H.C. Wainwright & Co.’s Debjit Chattopadhyay wrote Monday that SRP-9001 provides “the perfect complement to Roche’s neurology/neuromuscular franchise, which now reflects a disease-modifying treatment, risdiplam, for spinal muscular atrophy and RG-6042, for Huntington’s disease, in our view.”
In August, the FDA was skeptical about Sarepta’s injectable Vyondys 53 (golodirsen), but that changed swiftly Dec. 13 with the agency’s accelerated approval for the DMD follow-on therapy, the first treatment specifically for DMD patients with a confirmed dystrophin gene mutation that is amenable to exon 53 skipping will affect about 8% of DMD patients. That is a group not reached by Sarepta’s first commercial product, Exondys 51 (eteplirsen). But the price tag is the same. The company said it would be priced at parity with Sarepta’s Exondys 51, which is $892,000 annually. Vyondys 53 also received orphan drug designation and a rare pediatric disease priority review voucher. The company plans an immediate commercial launch.

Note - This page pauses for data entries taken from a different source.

(* For all positive integers $m,k$ and all $n\in\mathbb{Z}$, let $$D(n,m,s,k)=\det\left(f(n + mi, x, s)^j f(n + mi - 1, x, qs)^{k-j}\right)_{i,j=0}^k .$$ Then $$D(n,m,s,k) = (-1)^{\binom{k+1}{2}n + \binom{k+1}{3}m}\, s^{\binom{k+1}{2}(n-1) + \binom{k+1}{3}m}\, q^{\binom{k+1}{2}\binom{n}{2} + nm\binom{k+1}{3} + \binom{k+1}{3}\binom{m}{2} + \binom{k+1}{4}m^2} \prod_{j=0}^{k-1} \mathrm{fac}(k - j, x, q^{mj+n}s, m).$$
   Context: Let $x,s,q$ be indeterminates; all quantities live in the field of rational functions in $x,s,q$. The Carlitz $q$-Fibonacci polynomials $f(n,x,s)$ are defined by $f(0,x,s)=0$, $f(1,x,s)=1$ and $f(n, x, s) = x f(n-1, x, s) + q^{n-2} s f(n-2, x, s)$; this recurrence is required to hold for all $n\in\mathbb{Z}$, which uniquely extends $f(n,x,s)$ to negative $n$. Here $f(n,x,q^a s)$ means $f(n,x,s)$ with $s$ replaced by $q^a s$. For positive integers $r,m$ define $\mathrm{fac}(r,x,s,m)=\prod_{i=1}^r f(im,x,s)$. *)

From HB Require Import structures.
From mathcomp Require Import all_boot all_order all_algebra.
Set Implicit Arguments. Unset Strict Implicit. Unset Printing Implicit Defensive.
Import Order.TTheory GRing.Theory Num.Theory.
Local Open Scope ring_scope.

(* Carlitz q-Fibonacci polynomials over an arbitrary field F:
   f(0)=0, f(1)=1, f(n) = x f(n-1) + q^(n-2) s f(n-2) for all integers n.
   For n >= 0 we compute the pair (f n, f (n+1)) forward; for n <= 0 we
   compute (f (-k), f (-k+1)) backward, solving the recurrence taken at
   index -k+1:  f(-k+1) = x f(-k) + q^(-k-1) s f(-k-1),  i.e.
   f(-k-1) = (f(-k+1) - x f(-k)) * q^(k+1) / s. *)
Section CarlitzFib.
Variables (F : fieldType) (q : F).

Fixpoint cfib_pos (x s : F) (k : nat) : F * F :=
  match k with
  | 0%N => (0, 1)
  | k'.+1 => let p := cfib_pos x s k' in
             (p.2, x * p.2 + q ^+ k' * s * p.1)
  end.
(* Let $S_0$ be a nonempty set, let $S$ be the collection of all finite subsets of $S_0$, partially ordered by set inclusion, and let $\mathcal{G}$ be any group acting on $S_0$, with the action extended to $S$ by $Ta = \{Tx : x \in a\}$ for $a \in S$, $T \in \mathcal{G}$. Then on the quotient $S/\mathcal{G}$ (the set of orbits of this action) the strong relation ($A \preceq B$ iff for all $a \in A$ there is $b \in B$ with $a \subseteq b$) and the weak relation ($A \preceq B$ iff there exist $a \in A$, $b \in B$ with $a \subseteq b$) are identical, and this relation is a partial order on $S/\mathcal{G}$. *)

From Stdlib Require Import List.

Record group_action (S0 : Type) := GroupAction {
  grp : Type;
  gmul : grp -> grp -> grp;
  gone : grp;
  ginv : grp -> grp;
  gmul_assoc : forall a b c, gmul a (gmul b c) = gmul (gmul a b) c;
  gmul_1l : forall a, gmul gone a = a;
  gmul_Vl : forall a, gmul (ginv a) a = gone;
  act : grp -> S0 -> S0;
  act_one : forall x, act gone x = x;
  act_mul : forall g h x, act (gmul g h) x = act g (act h x)
}.
Arguments grp {S0}.
Arguments act {S0} _ _ _.

Definition subset_of {S0 : Type} (a b : S0 -> Prop) : Prop :=
  forall x, a x -> b x.

Definition finite_subset {S0 : Type} (a : S0 -> Prop) : Prop :=
  exists l : list S0, forall x, a x <-> In x l.

Definition act_set {S0 : Type} (Gs : group_action S0) (T : grp Gs)
  (a : S0 -> Prop) : S0 -> Prop :=
  fun y => exists x, a x /\ y = act Gs T x.

Definition orbit {S0 : Type} (Gs : group_action S0) (a : S0 -> Prop)
  : (S0 -> Prop) -> Prop :=
  fun b => exists T : grp Gs, b = act_set Gs T a.

(* The quotient S/G: orbits of finite subsets. *)
Definition orbits {S0 : Type} (Gs : group_action S0) : Type :=
  { O : (S0 -> Prop) -> Prop | exists a, finite_subset a /\ O = orbit Gs a }.

Definition strong_rel {S0 : Type} {Gs : group_action S0} (A B : orbits Gs) : Prop :=
  forall a, proj1_sig A a -> exists b, proj1_sig B b /\ subset_of a b.

Definition weak_rel {S0 : Type} {Gs : group_action S0} (A B : orbits Gs) : Prop :=
  exists a b, proj1_sig A a /\ proj1_sig B b /\ subset_of a b.

Definition is_partial_order {X : Type} (R : X -> X -> Prop) : Prop :=
  (forall x, R x x) /\
  (forall x y z, R x y -> R y z -> R x z) /\
  (forall x y, R x y -> R y x -> x = y).

(* Strong and weak comparison agree because any witness [a ⊆ b] for one pair
   of representatives can be transported by a group element to any other
   representative of the orbit of [a].  For antisymmetry, [A ⪯ B ⪯ A] yields [a ⊆ b ⊆ T a] for some
   representative [a] and group element [T]; since [a] is finite and [T] acts
   injectively, [a ⊆ T a] forces [T a = a], hence [b = a] and [A = B]. *)

From Stdlib Require Import List FinFun ClassicalDescription.
From Stdlib Require Import FunctionalExtensionality PropExtensionality ProofIrrelevance.

Lemma pred_ext {X : Type} (a b : X -> Prop) : (forall x, a x <-> b x) -> a = b.
Proof.
  intros Hab. apply functional_extensionality; intros x.
  apply propositional_extensionality, Hab.
Qed.

Lemma finite_subset_NoDup {X : Type} (a : X -> Prop) :
  finite_subset a -> exists l, NoDup l /\ forall x, a x <-> In x l.
Proof.
  intros [l Hl].
  pose (dec := fun x y : X => excluded_middle_informative (x = y)).
  exists (nodup dec l); split.
  - apply NoDup_nodup.
  - intros x. rewrite nodup_In. apply Hl.
Qed.

Lemma finite_subset_image_invariant {X : Type} (f : X -> X) (a : X -> Prop) :
  finite_subset a -> Injective f ->
  (forall y, a y -> exists x, a x /\ y = f x) ->
  forall x, a x -> a (f x).
Proof.
  intros Hfin Hinj Hsub.
  destruct (finite_subset_NoDup a Hfin) as [l [Hnodup Hl]].
  assert (Hincl : incl (map f l) l).
  { apply NoDup_length_incl; [exact Hnodup | now rewrite length_map |].
    intros y Hy. apply Hl in Hy. destruct (Hsub y Hy) as [x [Hx ->]].
    apply in_map, Hl, Hx. }
  intros x Hx. apply Hl, Hincl, in_map, Hl, Hx.
Qed.

Section OrbitsOfSubsets.

Variable S0 : Type.
Variable Gs : group_action S0.

Notation "g * h" := (gmul S0 Gs g h).
Notation "g ^-1" := (ginv S0 Gs g) (at level 3, format "g ^-1").
Notation "1" := (gone S0 Gs).

Lemma act_inj (T : grp Gs) : Injective (act Gs T).
Proof.
  intros x y Hxy.
  rewrite <- (act_one _ Gs x), <- (act_one _ Gs y), <- (gmul_Vl _ Gs T), !act_mul, Hxy.
  reflexivity.
Qed.

Lemma act_set1 (a : S0 -> Prop) : act_set Gs 1 a = a.
Proof.
  apply pred_ext; intros y; split.
  - intros [x [Hx ->]]. now rewrite act_one.
  - intros Hy. exists y. now rewrite act_one.
Qed.

Lemma act_setM (g h : grp Gs) (a : S0 -> Prop) :
  act_set Gs (g * h) a = act_set Gs g (act_set Gs h a).
Proof.
  apply pred_ext; intros y; split.
  - intros [x [Hx ->]]. exists (act Gs h x). split; [now exists x | apply act_mul].
  - intros [z [[x [Hx ->]] ->]]. exists x. split; [exact Hx | symmetry; apply act_mul].
Qed.

Lemma act_setK (T : grp Gs) (a : S0 -> Prop) : act_set Gs T^-1 (act_set Gs T a) = a.
Proof. now rewrite <- act_setM, gmul_Vl, act_set1. Qed.

Lemma act_set_subset (T : grp Gs) (a b : S0 -> Prop) :
  subset_of a b -> subset_of (act_set Gs T a) (act_set Gs T b).
Proof. intros Hab y [x [Hx ->]]. exists x. split; [apply Hab, Hx | reflexivity]. Qed.

Lemma act_set_fixed (T : grp Gs) (a : S0 -> Prop) :
  finite_subset a -> subset_of a (act_set Gs T a) -> act_set Gs T a = a.
Proof.
  intros Hfin Hsub.
  pose proof (finite_subset_image_invariant _ a Hfin (act_inj T) Hsub) as Hinv.
  apply pred_ext; intros y; split.
  - intros [x [Hx ->]]. apply Hinv, Hx.
  - apply Hsub.
Qed.

Lemma orbit_refl (a : S0 -> Prop) : orbit Gs a a.
Proof. exists 1. symmetry. apply act_set1. Qed.

Lemma orbit_act_set (a b : S0 -> Prop) (U : grp Gs) :
  orbit Gs a b -> orbit Gs a (act_set Gs U b).
Proof. intros [T ->]. exists (U * T). symmetry. apply act_setM. Qed.

Lemma orbit_transport (a b c : S0 -> Prop) :
  orbit Gs a b -> orbit Gs a c -> exists U, c = act_set Gs U b.
Proof.
  intros [T ->] [T' ->]. exists (T' * T^-1).
  now rewrite act_setM, act_setK.
Qed.

Lemma orbit_eq (a b : S0 -> Prop) : orbit Gs a b -> orbit Gs b = orbit Gs a.
Proof.
  intros Hab. apply pred_ext; intros c; split.
  - intros [U ->]. apply orbit_act_set, Hab.
  - intros Hac. destruct (orbit_transport a b c Hab Hac) as [U ->]. now exists U.
Qed.

Lemma orbits_eq (A B : orbits Gs) : proj1_sig A = proj1_sig B -> A = B.
Proof. destruct A, B. apply subset_eq_compat. Qed.

Lemma strong_rel_weak_rel (A B : orbits Gs) : strong_rel A B -> weak_rel A B.
Proof.
  destruct A as [OA [a0 [? ->]]]. intros Hstrong.
  destruct (Hstrong a0 (orbit_refl a0)) as [b [Hb Hab]].
  exists a0, b. split; [exact (orbit_refl a0) | split; assumption].
Qed.

Lemma weak_rel_strong_rel (A B : orbits Gs) : weak_rel A B -> strong_rel A B.
Proof.
  destruct A as [OA [a0 [? ->]]], B as [OB [b0 [? ->]]].
  intros [a [b [Ha [Hb Hab]]]] a' Ha'; simpl in *.
  destruct (orbit_transport a0 a a' Ha Ha') as [U ->].
  exists (act_set Gs U b). split.
  - apply orbit_act_set, Hb.
  - apply act_set_subset, Hab.
Qed.

Lemma strong_rel_refl (A : orbits Gs) : strong_rel A A.
Proof. intros a Ha. exists a. split; [exact Ha | intros x Hx; exact Hx]. Qed.

Lemma strong_rel_trans (A B C : orbits Gs) :
  strong_rel A B -> strong_rel B C -> strong_rel A C.
Proof.
  intros HAB HBC a Ha.
  destruct (HAB a Ha) as [b [Hb Hab]]. destruct (HBC b Hb) as [c [Hc Hbc]].
  exists c. split; [exact Hc | intros x Hx; apply Hbc, Hab, Hx].
Qed.

Lemma strong_rel_antisym (A B : orbits Gs) :
  strong_rel A B -> strong_rel B A -> A = B.
Proof.
  intros HAB HBA. apply orbits_eq.
  destruct A as [OA [a0 [Hfin ->]]], B as [OB [b0 [? ->]]]; simpl in *.
  destruct (HAB a0 (orbit_refl a0)) as [b [Hb Hab]].
  destruct (HBA b Hb) as [a [[T ->] Hba]].
  assert (Hfixed : act_set Gs T a0 = a0).
  { apply act_set_fixed; [exact Hfin | intros x Hx; apply Hba, Hab, Hx]. }
  rewrite Hfixed in Hba.
  assert (Hb0 : b = a0) by (apply pred_ext; intros x; split; auto).
  now rewrite <- (orbit_eq b0 b Hb), Hb0.
Qed.

End OrbitsOfSubsets.

Theorem corollary1 (S0 : Type) (hne : inhabited S0) (Gs : group_action S0) :
  (forall A B : orbits Gs, strong_rel A B <-> weak_rel A B) /\
  is_partial_order (@strong_rel S0 Gs).
Proof.
  split.
  - intros A B. split; [apply strong_rel_weak_rel | apply weak_rel_strong_rel].
  - split; [| split].
    + apply strong_rel_refl.
    + apply strong_rel_trans.
    + apply strong_rel_antisym.
Qed.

In February, Wainwright’s Chattopadhyay compared Solid Biosciences Inc.’s SGT-001, its microdystrophin gene transfer for DMD, with Sarepta's SRP-9001 and New York-based Pfizer Inc.'s PF-06939926. "Key differences within constructs could translate into safety and protein expression advantages," he said in a report. "Unlike small-molecule drugs where packaging is often more expensive than the active pharmaceutical ingredient, gene therapy cost of goods sold are expected to be substantial." Another factor is that "the DMD patient community is a closely knit ecosphere with parents driven to choose the best option for a rapidly progressive and fatal disease." Variations between the three DMD programs "could translate into meaningful differences in microdystrophin expression and safety, in our view," he wrote.
Solid's chief technology officer, Joel Schneider, said the company is "not going to leave any stone unturned" as investigators begin to explore the severe adverse event that led to the FDA's clinical hold on the phase I/II study with SGT-001 in DMD in mid-November. Preclinical, clinical and manufacturing data will be sorted.